What is M2M-100?
The First Multilingual Machine Translation Model
Have you ever thought about using Facebook in your native language or wondered how it is done? Recently Facebook has developed a natural language processing model that translates 200 languages without translating the data into English first. This model is referred to as the M2M (Many to Many) translating model. Most of the prior work of translation was based on English-Centric data sets and models which translated from and to English for translation from one language to another but not between non-English languages. This English-Centric bias in the data and resulting models are not reflective of how people use translation and empirically leads to a lower performance for non-English translation directions. In contrast, the newly introduces M2M model translates a language to any language without relying on English as an intermediary.
How the M2M Model Works:
Before the M2M model, the process of translation from one language to another language was dependent on the English language. It was a bridge between any two languages. However, Facebook has recently developed a model that translates data from one language to another without using English as an intermediary. Let us compare it with the English learning process of an individual who knows only Urdu and any other native language. In most cases that individual will first translate English to Urdu and then to the local language. The same was the case previously with the translation in Facebook and all other social networks that Languages were to be translated first into English and then into another language. This will affect the accuracy and efficiency of the translation model. To overcome this problem, Facebook has introduced the M2M-100 translation model. The first multilingual machine translation model. That can translate between any pair of 100 languages without any reliance on the English language.
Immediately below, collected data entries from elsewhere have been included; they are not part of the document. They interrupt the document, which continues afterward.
(* Consider a one-site PTM cascade with $n\ge1$ layers. Fix all rate constants and all total amounts (all positive) except $\overline{S}_i$ for some $i\in\{1,\dots,n\}$. Then, as $\overline{S}_i$ increases, for each $j\in\{1,\dots,i\}$ the BMSS value of $S_j^1$ strictly increases if $i-j$ is even and strictly decreases if $i-j$ is odd.
   Context: A one-site PTM cascade with $n$ layers has species $E=S_0^1$ and, for $i=1,\dots,n$, $S_i^0,S_i^1,F_i,Y_i^0,Y_i^1$, with reactions $S_{i-1}^1+S_i^0 \rightleftharpoons Y_i^0 \to S_{i-1}^1+S_i^1$ (rate constants $a_i^0,b_i^0,c_i^0$) and $F_i+S_i^1\rightleftharpoons Y_i^1\to F_i+S_i^0$ (rate constants $a_i^1,b_i^1,c_i^1$), all positive, mass-action kinetics. Put $\delta_i=a_i^1/(b_i^1+c_i^1)$, $\gamma_i=(c_i^1/c_i^0)\delta_i$, $\lambda_i=\frac{b_i^0+c_i^0}{a_i^0}\gamma_i$. Given total amounts $\overline{E},\overline{F}_i,\overline{S}_i$, a steady state is a real solution of: $Y_i^0=\gamma_iF_iS_i^1$, $Y_i^1=\delta_iF_iS_i^1$, $\lambda_iF_iS_i^1=S_i^0S_{i-1}^1$, $\overline{F}_i=F_i+Y_i^1$, $\overline{S}_i=S_i^0+S_i^1+Y_i^0+Y_i^1+Y_{i+1}^0$ ($i=1,\dots,n$, $Y_{n+1}^0:=0$), $\overline{E}=E+Y_1^0$. A BMSS is a steady state with positive total amounts and all concentrations nonnegative; for positive total amounts it exists and is unique. *)

From Stdlib Require Import Reals Lra Arith.
Open Scope R_scope.

(* Layers are indexed by i = 1..n; rate constants a_i^0 etc. and total
   amounts are functions nat -> R (only indices 1..n matter).
   Concentrations: S0 i = S_i^0, S1 i = S_i^1 (with S1 0 = E = S_0^1),
   F i = F_i, Y0 i = Y_i^0, Y1 i = Y_i^1. *)

Definition delta (a1 b1 c1 : nat -> R) (i : nat) : R := a1 i / (b1 i + c1 i).
Definition gamma (c0 a1 b1 c1 : nat -> R) (i : nat) : R :=
  (c1 i / c0 i) * delta a1 b1 c1 i.
Definition lambda (a0 b0 c0 a1 b1 c1 : nat -> R) (i : nat) : R :=
  ((b0 i + c0 i) / a0 i) * gamma c0 a1 b1 c1 i.

(* Y_{i+1}^0 with the convention Y_{n+1}^0 := 0 *)
Definition Ynext (n : nat) (Y0 : nat -> R) (i : nat) : R :=
  if Nat.ltb i n then Y0 (S i) else 0.

Definition steady_state (n : nat) (a0 b0 c0 a1 b1 c1 : nat -> R)
  (Ebar : R) (Fbar Sbar : nat -> R)
  (S0 S1 F Y0 Y1 : nat -> R) : Prop :=
  (forall i, (1 <= i <= n)%nat ->
     Y0 i = gamma c0 a1 b1 c1 i * F i * S1 i /\
     Y1 i = delta a1 b1 c1 i * F i * S1 i /\
     lambda a0 b0 c0 a1 b1 c1 i * F i * S1 i = S0 i * S1 (i - 1)%nat /\
     Fbar i = F i + Y1 i /\
     Sbar i = S0 i + S1 i + Y0 i + Y1 i + Ynext n Y0 i) /\
  Ebar = S1 0%nat + Y0 1%nat.

Definition is_BMSS (n : nat) (a0 b0 c0 a1 b1 c1 : nat -> R)
  (Ebar : R) (Fbar Sbar : nat -> R)
  (S0 S1 F Y0 Y1 : nat -> R) : Prop :=
  0 < Ebar /\
  (forall i, (1 <= i <= n)%nat -> 0 < Fbar i /\ 0 < Sbar i) /\
  steady_state n a0 b0 c0 a1 b1 c1 Ebar Fbar Sbar S0 S1 F Y0 Y1 /\
  0 <= S1 0%nat /\
  (forall i, (1 <= i <= n)%nat ->
     0 <= S0 i /\ 0 <= S1 i /\ 0 <= F i /\ 0 <= Y0 i /\ 0 <= Y1 i).

From Stdlib Require Import Reals ROrderedType Lra Lia Psatz.
Open Scope R_scope.

(* Compare the BMSS for Sbar and for Sbar' and record the direction in which each S_k^1 moves
   as [Rcompare (S1 k) (S1' k)].  Conservation of F_k makes the complex amount p_k = F_k S_k^1
   move with S_k^1, and solving the k-th steady-state equation for S_k^0 = λ_k p_k / S_{k-1}^1
   writes Sbar_k as a quantity increasing in S_k^1 and in Y_{k+1}^0 and decreasing in S_{k-1}^1.
   Conservation of E and of Sbar_k for k < i then forces S_{k-1}^1 and S_k^1 to move in opposite
   directions for k <= i; conservation of Sbar_k for k > i, read backwards from the last layer,
   forces them to move together for k > i; so Y_{i+1}^0 moves with S_i^1 and the increase of
   Sbar_i forces S_i^1 to increase.  The signs alternate from there up to E. *)

Lemma Rcompare_intro u u' v v' :
  (u < u' -> v < v') -> (u = u' -> v = v') -> (u' < u -> v' < v) ->
  Rcompare u u' = Rcompare v v'.
Proof.
  intros Hlt Heq Hgt.
  destruct (Rcompare_spec u u') as [H|H|H];
    [specialize (Heq H) | specialize (Hlt H) | specialize (Hgt H)];
    destruct (Rcompare_spec v v'); (reflexivity || lra).
Qed.

Section Transfer.
Variables u u' v v' : R.
Hypothesis Huv : Rcompare u u' = Rcompare v v'.

Lemma Rcompare_lt_transfer : u < u' -> v < v'.
Proof. revert Huv; destruct (Rcompare_spec u u'), (Rcompare_spec v v'); (discriminate || lra). Qed.

Lemma Rcompare_gt_transfer : u' < u -> v' < v.
Proof. revert Huv; destruct (Rcompare_spec u u'), (Rcompare_spec v v'); (discriminate || lra). Qed.

Lemma Rcompare_eq_transfer : u = u' -> v = v'.
Proof. revert Huv; destruct (Rcompare_spec u u'), (Rcompare_spec v v'); (discriminate || lra). Qed.

Lemma Rcompare_le_transfer : u <= u' -> v <= v'.
Proof. revert Huv; destruct (Rcompare_spec u u'), (Rcompare_spec v v'); (discriminate || lra). Qed.

Lemma Rcompare_antisym : Rcompare u' u = Rcompare v' v.
Proof.
  apply Rcompare_intro;
    auto using Rcompare_lt_transfer, Rcompare_gt_transfer, eq_sym, Rcompare_eq_transfer.
Qed.
End Transfer.

Lemma Rcompare_scaled_diff u u' v v' c d : 0 < c -> 0 < d ->
  (u' - u) * c = (v' - v) * d -> Rcompare u u' = Rcompare v v'.
Proof. intros Hc Hd H; apply Rcompare_intro; intro; nra. Qed.

Lemma Rcompare_scale g u u' : 0 < g -> Rcompare u u' = Rcompare (g * u) (g * u').
Proof. intro Hg; apply (Rcompare_scaled_diff _ _ _ _ g 1); lra. Qed.

Lemma Rcompare_exchange u u' v v' : u + v = u' + v' -> Rcompare u u' = Rcompare v' v.
Proof. intro H; apply (Rcompare_scaled_diff _ _ _ _ 1 1); lra. Qed.

Lemma Rcompare_saturation Fb d x x' F F' :
  0 < Fb -> 0 <= d -> 0 <= x -> 0 <= x' ->
  Fb = F + d * F * x -> Fb = F' + d * F' * x' ->
  Rcompare x x' = Rcompare (F * x) (F' * x').
Proof.
  intros HFb Hd Hx Hx' HF HF'.
  apply (Rcompare_scaled_diff _ _ _ _ Fb ((1 + d * x) * (1 + d * x')));
    [lra | apply Rmult_lt_0_compat; nra |].
  replace ((F' * x' - F * x) * ((1 + d * x) * (1 + d * x')))
    with (F' * (1 + d * x') * x' * (1 + d * x) - F * (1 + d * x) * x * (1 + d * x'))
    by ring.
  replace (F' * (1 + d * x')) with Fb by lra.
  replace (F * (1 + d * x)) with Fb by lra.
  ring.
Qed.

Definition comonotone (x x' y y' : R) : Prop :=
  (x <= x' -> y <= y') /\ (x' <= x -> y' <= y).

Lemma comonotone_of_Rcompare x x' y y' :
  Rcompare x x' = Rcompare y y' -> comonotone x x' y y'.
Proof.
  intro H; split;
    [exact (Rcompare_le_transfer _ _ _ _ H)
    | exact (Rcompare_le_transfer _ _ _ _ (Rcompare_antisym _ _ _ _ H))].
Qed.

Lemma comonotone_const x x' y : comonotone x x' y y.
Proof. split; intros; lra. Qed.

Section Layer.
Variables l c : R.
Hypotheses (l_gt0 : 0 < l) (c_ge0 : 0 <= c).

(* Sbar_k - Y_{k+1}^0 with a = S_{k-1}^1, x = S_k^1, p = F_k S_k^1, l = λ_k, c = γ_k + δ_k, the
   free S_k^0 being eliminated as l p / a. *)
Definition layer_mass (a x p : R) : R := l * p / a + x + c * p.

Lemma layer_mass_le a a' x x' p p' :
  0 < a' -> a' <= a -> 0 <= p -> p <= p' -> x <= x' ->
  layer_mass a x p <= layer_mass a' x' p'.
Proof.
  intros Ha' Haa Hp Hpp Hxx; unfold layer_mass.
  assert (l * p / a <= l * p' / a').
  { apply Rmult_le_compat; [nra | left; apply Rinv_0_lt_compat; lra | nra |].
    apply Rinv_le_contravar; lra. }
  nra.
Qed.

Lemma layer_mass_lt a a' x x' p p' :
  0 < a' -> a' <= a -> 0 < p -> p <= p' -> x <= x' -> a' < a \/ x < x' ->
  layer_mass a x p < layer_mass a' x' p'.
Proof.
  intros Ha' Haa Hp Hpp Hxx [Hlt | Hlt].
  - apply Rlt_le_trans with (layer_mass a' x p).
    + unfold layer_mass; apply Rplus_lt_compat_r, Rplus_lt_compat_r.
      apply Rmult_lt_compat_l; [nra | apply Rinv_lt_contravar; nra].
    + apply layer_mass_le; lra.
  - apply Rle_lt_trans with (layer_mass a' x p').
    + apply layer_mass_le; lra.
    + unfold layer_mass; lra.
Qed.

Section Response.
Variables a a' x x' p p' : R.
Hypotheses (a_gt0 : 0 < a) (a'_gt0 : 0 < a') (p_gt0 : 0 < p) (p'_gt0 : 0 < p').
Hypothesis complex_follows : Rcompare x x' = Rcompare p p'.

Lemma Rcompare_layer_mass : Rcompare x x' = Rcompare a' a ->
  Rcompare x x' = Rcompare (layer_mass a x p) (layer_mass a' x' p').
Proof.
  intro Hxa; apply Rcompare_intro; intro Hx.
  - pose proof (Rcompare_lt_transfer _ _ _ _ Hxa Hx).
    pose proof (Rcompare_lt_transfer _ _ _ _ complex_follows Hx).
    apply layer_mass_lt; lra.
  - rewrite <- (Rcompare_eq_transfer _ _ _ _ Hxa Hx),
      <- (Rcompare_eq_transfer _ _ _ _ complex_follows Hx), Hx.
    reflexivity.
  - pose proof (Rcompare_gt_transfer _ _ _ _ Hxa Hx).
    pose proof (Rcompare_gt_transfer _ _ _ _ complex_follows Hx).
    apply layer_mass_lt; lra.
Qed.

Lemma layer_next_opposite y y' :
  layer_mass a x p + y = layer_mass a' x' p' + y' ->
  Rcompare x x' = Rcompare a' a -> Rcompare x x' = Rcompare y' y.
Proof.
  intros Htot Hxa; rewrite Rcompare_layer_mass by exact Hxa.
  exact (Rcompare_exchange _ _ _ _ Htot).
Qed.

Lemma layer_prev_follows y y' :
  layer_mass a x p + y = layer_mass a' x' p' + y' ->
  comonotone x x' y y' -> Rcompare x x' = Rcompare a a'.
Proof.
  intros Htot [Hy Hy'].
  assert (Hp : x <= x' -> p <= p') by exact (Rcompare_le_transfer _ _ _ _ complex_follows).
  assert (Hp' : x' <= x -> p' <= p)
    by exact (Rcompare_le_transfer _ _ _ _ (Rcompare_antisym _ _ _ _ complex_follows)).
  apply Rcompare_intro; intro Hx.
  - destruct (Rlt_le_dec a a') as [|Ha]; [assumption | exfalso].
    assert (layer_mass a x p < layer_mass a' x' p') by (apply layer_mass_lt; auto with real).
    specialize (Hy (Rlt_le _ _ Hx)); lra.
  - destruct (Rtotal_order a a') as [Ha | [Ha | Ha]]; [exfalso | assumption | exfalso].
    + assert (layer_mass a' x' p' < layer_mass a x p) by (apply layer_mass_lt; auto with real; lra).
      specialize (Hy' (Req_le_sym _ _ Hx)); lra.
    + assert (layer_mass a x p < layer_mass a' x' p') by (apply layer_mass_lt; auto with real; lra).
      specialize (Hy (Req_le _ _ Hx)); lra.
  - destruct (Rlt_le_dec a' a) as [|Ha]; [assumption | exfalso].
    assert (layer_mass a' x' p' < layer_mass a x p) by (apply layer_mass_lt; auto with real).
    specialize (Hy' (Rlt_le _ _ Hx)); lra.
Qed.

Lemma layer_increases y y' :
  layer_mass a x p + y < layer_mass a' x' p' + y' ->
  Rcompare x x' = Rcompare a' a -> comonotone x x' y y' -> x < x'.
Proof.
  intros Htot Hxa [_ Hy'].
  destruct (Rlt_le_dec x x') as [|Hx]; [assumption | exfalso].
  assert (layer_mass a' x' p' <= layer_mass a x p).
  { apply Rcompare_le_transfer with (u := x') (u' := x); [| exact Hx].
    apply Rcompare_antisym, Rcompare_layer_mass, Hxa. }
  specialize (Hy' Hx); lra.
Qed.
End Response.
End Layer.

Section Cascade.
Variables (n : nat) (a0 b0 c0 a1 b1 c1 : nat -> R).
Hypothesis n_pos : (1 <= n)%nat.
Hypothesis rates_pos : forall k, (1 <= k <= n)%nat ->
  0 < a0 k /\ 0 < b0 k /\ 0 < c0 k /\ 0 < a1 k /\ 0 < b1 k /\ 0 < c1 k.

Local Notation δ := (delta a1 b1 c1).
Local Notation γ := (gamma c0 a1 b1 c1).
Local Notation λ := (lambda a0 b0 c0 a1 b1 c1).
The model does not depend on English as a link between two languages. For example, for translation between Chinese and Urdu, typically systems train on Chinese to English and then English to Urdu; however, the M2M-100 model can now directly translate from Chinese to Urdu. Thus, preserving the original meaning more efficiently. This model learns a specific language and does not require any intermediate medium(language) to translate it from one language to another.
What Technology M2M-100 Uses
Any language that is to be translated is first broken down into small words i.e., tokens. For translation, the system receives and gives tokens as input and output respectively. However, basing translation on words as units could be challenging in the Multilanguage translation process as it either leads to poor coverage vocabularies or extra-large vocabularies bag. Another problem is that in many languages there are words that could not be broken down into single tokens. Thus, the Multilanguage translation model uses a subword tokenization process to produce a sequence of tokens as input and output to the machine. Furthermore, this multi-language translation model is based on Transformer sequence-to-sequence architecture, which consists of two modules: the encoder takes the sequence of tokens of the source language and transforms it into a sequence of subword tokens of the same length that are embedded in the decoder. The decoder embedded with the sequence of tokens decodes it by transforming it to the sequence of tokens in the target language and thus then produces the target language. However, in both encoder and decoder, there is a special token that indicates source language to the encoder and target language to the encoder.
Wrapping Up
The best thing about the model is that it is open source and the researchers can take benefit from it, as the model outperforms English-Centric multilingual models trained on data where either the source or target language is English. The system improves over 10 BLEUs on average compared to an English-Centric baseline when translating directly between non-English directions. Thus M2M-100 is a competitive model developed for bilingual models as it improves the efficiency of translation between non-English languages without reliance on English.